- [WHAT YOU WILL DO]:
Your answer should be only the lines below from the one with "(alpha_inv : A -> S)" to the one with "by apply/negP =>", repeated exactly, ends included.

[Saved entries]
(* The element [a lam_s(b)] lies in the groups of both [s (t t^-1)] and [s t], and
   [f (s t t^-1) ((s t t^-1)^-1 s t) = f s t] by Sieben's condition. *)
Lemma cp_iso_mul (u v : A * S) : cpL_car alpha u -> cpL_car alpha v ->
  cpT_rel (Dom q alpha) theta w (cp_iso u) (cp_iso v) (cp_iso (cpL_mul lam f u v)).
Proof.
  destruct u as [a s], v as [b t]; unfold cpL_car, cp_iso, cpT_rel, cpL_mul; simpl; intros hu hv.
  assert (ha : D (q s) a) by (apply DomE; exists s; auto).
  destruct (theta_surj ha) as [a' [ha' ta']], (theta_rep ha') as [s' [k1 [k2 [k3 k4]]]].
  assert (ss : s' = s) by (apply (q_mulV_inj hS hq); [exact k1 | apply alpha_mulV_inj; congruence]).
  subst s'; exists a'; repeat split; auto.
  assert (tab : theta (q s) (a' ** b) = a ** lam s b).
  { rewrite (theta_lam (s := s)), (lam_endo s), <- k3, ta'; auto.
    rewrite (mulVM hA), <- k2; regroup (alpha (s^-1 ** s) ** ((b ** b^-1) ** alpha (s^-1 ** s))).
    rewrite (idem_comm (idem_mulV b) (alpha_Vmul s)).
    regroup ((alpha (s^-1 ** s) ** alpha (s^-1 ** s)) ** (b ** b^-1)); rewrite (alpha_Vmul s); reflexivity. }
  set (c := a ** lam s b) in *.
  assert (ec : c ** c^-1 = alpha (s ** (t ** t^-1) ** s^-1)).
  { unfold c; rewrite (mulVM hA), lam_mulV, hv, lam_alpha, hu, <- alpha_mul
      by (try apply idem_mulV; apply idem_conj, idem_mulV).
    f_equal; regroup ((s ** s^-1 ** s) ** (t ** t^-1) ** s^-1); rewrite inv_l; reflexivity. }
  assert (ht := idem_mulV t).
  rewrite tab, (snd_w (s := s ** (t ** t^-1)) (t := s ** t)), (q_mul hq);
    [| apply (q_idem_mulr hq _ ht) | apply (q_mul hq) | rewrite mulV_mul_idem, ec by exact ht; reflexivity
     | rewrite mulV_mul, ec; reflexivity].
  do 2 f_equal; symmetry.
  replace ((s ** (t ** t^-1))^-1 ** (s ** t)) with ((t ** t^-1) ** ((s^-1 ** s) ** t))
    by (rewrite invM, (idem_invE ht); rewrite ?is_assoc; reflexivity).
  rewrite <- f_idem_mid by exact ht.
  replace ((t ** t^-1) ** ((t ** t^-1) ** ((s^-1 ** s) ** t))) with ((s^-1 ** s) ** t).
  - rewrite f_idem_mid, is_assoc, inv_l by apply idem_Vmul; reflexivity.
  - symmetry; regroup ((t ** t^-1 ** (t ** t^-1)) ** (s^-1 ** s) ** t).
    rewrite ht, (idem_comm ht (idem_Vmul s)); regroup ((s^-1 ** s) ** (t ** t^-1 ** t)).
    rewrite inv_l; reflexivity.
Qed.

Lemma crossed_products_equivalent : equivalent_extensions
  (cpL_car alpha) (cpL_rel lam f) (cpL_i alpha_inv) (cpL_j q)
  (cpT_car (Dom q alpha)) (cpT_rel (Dom q alpha) theta w) (@cpT_i A H) (@cpT_j A H).
Proof.
  split; [exact cpL_extension | split; [exact cpT_extension|]].
  unfold cpL_car, cpL_rel, cpL_i, cpL_j, cpT_car, cpT_i, cpT_j.
  exists cp_iso; split; [|split; [|split; [|split; [|split]]]].
  - intros [a s] hu; apply DomE; exists s; auto.
  - intros [a s] [b t] hu hv e; injection e as e1 e2; simpl in *; subst b; f_equal.
    apply (q_mulV_inj hS hq); [exact e2 | apply alpha_mulV_inj; congruence].
  - intros [a x] hu; destruct (proj1 (DomE x a) hu) as [s [k1 k2]].
    exists (a, s); unfold cp_iso; simpl; rewrite k1; auto.
  - intros u v r hu hv ->; apply cp_iso_mul; auto.
  - intro a; unfold cp_iso; simpl; rewrite (q_idem hq); [reflexivity | apply alpha_inv_mulV].
  - reflexivity.
Qed.

End TwistedModule.

Theorem proposition6p11
  (S A : InvSemigroup) (H : Group) (q : S -> H)
  (hS : E_unitary S) (hA : semilattice_of_groups A)
  (hq : min_group_quotient q)
  (alpha : S -> A) (lam : S -> A -> A) (f : S -> S -> A)
  (hLam : sieben_twisted_module alpha lam f)
  (* theta_x(a) = lam_s(a), s in x the element with alpha(s^-1 s) = a a^-1 *)
  (theta : H -> A -> A)
  (htheta : forall x a, Dom q alpha (g_inv x) a ->
     forall s, q s = x -> alpha (s^-1 ** s) = a ** a^-1 -> theta x a = lam s a)
  (* w_{x,y} a = f(s, s^-1 t) a,  a w_{x,y} = a f(s, s^-1 t) *)
  (w : H -> H -> (A -> A) * (A -> A))
  (hw : forall x y a,
     setmul (Dom q alpha x) (Dom q alpha (g_mul x y)) a ->
     forall s t, q s = x -> q t = g_mul x y ->
       alpha (s ** s^-1) = a ** a^-1 -> alpha (t ** t^-1) = a ** a^-1 ->
       fst (w x y) a = f s (s^-1 ** t) ** a /\
       snd (w x y) a = a ** f s (s^-1 ** t))
  (* alpha_inv : the inverse E(A) -> E(S) of alpha *)
  (alpha_inv : A -> S)
  (halpha_inv : forall g : A, idem g -> idem (alpha_inv g) /\ alpha (alpha_inv g) = g) :
  twisted_partial_action (Dom q alpha) theta w /\
  equivalent_extensions
    (cpL_car alpha) (cpL_rel lam f) (cpL_i alpha_inv) (cpL_j q)
    (cpT_car (Dom q alpha)) (cpT_rel (Dom q alpha) theta w) (@cpT_i A H) (@cpT_j A H).
Proof.
  destruct hLam as [[[alpha_idem [alpha_mul [alpha_inj alpha_surj]]]
    [lam_relinv [f_in_A [lam_idem [lam_alpha [lam_comp [_ f_cocycle]]]]]]] f_sieben].
  assert (lam_endo : forall s, endo (lam s)) by (intro s; exact (proj1 (lam_relinv s))).
  split.
  - eapply twisted_partial_action_Dom; eauto.
  - eapply crossed_products_equivalent; eauto.
Qed.
(* If edges joined the projections of [P] and [Q] at every level, König's lemma on
   pairs would produce an edge from a point of [P] to a point of [Q]. *)
Lemma separated_at_level (S P Q : IL -> Prop) :
  Defs.closed S -> (forall x, S x <-> P x \/ Q x) -> rel_closed S P -> rel_closed S Q ->
  (forall x y, P x -> Q y -> ~ il_edge x y) ->
  exists k, forall a b, a \in img P k -> b \in img Q k -> ~~ fg_edge a b.
Proof.
move=> clS S_PQ clP clQ noedge; apply: contrapT => /forallNP no_level.
pose E k := [set ab : F k * F k | [&& ab.1 \in img P k, ab.2 \in img Q k & fg_edge ab.1 ab.2]].
have E_neq0 k : E k != set0.
  apply/set0Pn; apply: contrapT => /forallNP noE; apply: (no_level k) => a b Pa Qb.
  by apply/negP => e; apply: (noE (a, b)); rewrite inE /= Pa Qb e.
have E_alpha k (ab : F k.+1 * F k.+1) : ab \in E k.+1 -> (alpha ab.1, alpha ab.2) \in E k.
  case: ab => a b; rewrite !inE /= => /and3P [/imgP [x [Px <-]] /imgP [y [Qy <-]] e].
  have := edge_alpha e; rewrite (proj2_sig x k) (proj2_sig y k) => ->.
  by rewrite !img_in.
have [z [z_thread z_in]] := koenig E_neq0 E_alpha.
have x_thread k : alpha (z k.+1).1 = (z k).1 by rewrite -(z_thread k).
have y_thread k : alpha (z k.+1).2 = (z k).2 by rewrite -(z_thread k).
pose x : IL := exist _ (fun k => (z k).1) x_thread.
pose y : IL := exist _ (fun k => (z k).2) y_thread.
have z_E k : [&& pr x k \in img P k, pr y k \in img Q k & fg_edge (pr x k) (pr y k)].
  by have := z_in k; rewrite inE.
have closure_S (R : IL -> Prop) w : (forall v, R v -> S v) -> Defs.closure R w -> S w.
  move=> RS clRw; apply: clS => m; have [v [Rv near_v]] := clRw m.
  by exists v; split; first exact: RS.
have Px : P x.
  have clPx : Defs.closure P x by apply: closure_img => k; case/and3P: (z_E k).
  by apply: (clP _ _ clPx); apply: (closure_S P) clPx => v Pv; apply/S_PQ; left.
have Qy : Q y.
  have clQy : Defs.closure Q y by apply: closure_img => k; case/and3P: (z_E k).
  by apply: (clQ _ _ clQy); apply: (closure_S Q) clQy => v Qv; apply/S_PQ; right.
by apply: (noedge x y Px Qy) => k; case/and3P: (z_E k).
Qed.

- [SOLUTION FOR THIS TASK]:
  (alpha_inv : A -> S)
  (halpha_inv : forall g : A, idem g -> idem (alpha_inv g) /\ alpha (alpha_inv g) = g) :
  twisted_partial_action (Dom q alpha) theta w /\
  equivalent_extensions
    (cpL_car alpha) (cpL_rel lam f) (cpL_i alpha_inv) (cpL_j q)
    (cpT_car (Dom q alpha)) (cpT_rel (Dom q alpha) theta w) (@cpT_i A H) (@cpT_j A H).
Proof.
  destruct hLam as [[[alpha_idem [alpha_mul [alpha_inj alpha_surj]]]
    [lam_relinv [f_in_A [lam_idem [lam_alpha [lam_comp [_ f_cocycle]]]]]]] f_sieben].
  assert (lam_endo : forall s, endo (lam s)) by (intro s; exact (proj1 (lam_relinv s))).
  split.
  - eapply twisted_partial_action_Dom; eauto.
  - eapply crossed_products_equivalent; eauto.
Qed.
(* If edges joined the projections of [P] and [Q] at every level, König's lemma on
   pairs would produce an edge from a point of [P] to a point of [Q]. *)
Lemma separated_at_level (S P Q : IL -> Prop) :
  Defs.closed S -> (forall x, S x <-> P x \/ Q x) -> rel_closed S P -> rel_closed S Q ->
  (forall x y, P x -> Q y -> ~ il_edge x y) ->
  exists k, forall a b, a \in img P k -> b \in img Q k -> ~~ fg_edge a b.
Proof.
move=> clS S_PQ clP clQ noedge; apply: contrapT => /forallNP no_level.
pose E k := [set ab : F k * F k | [&& ab.1 \in img P k, ab.2 \in img Q k & fg_edge ab.1 ab.2]].
have E_neq0 k : E k != set0.
  apply/set0Pn; apply: contrapT => /forallNP noE; apply: (no_level k) => a b Pa Qb.
  by apply/negP => e; apply: (noE (a, b)); rewrite inE /= Pa Qb e.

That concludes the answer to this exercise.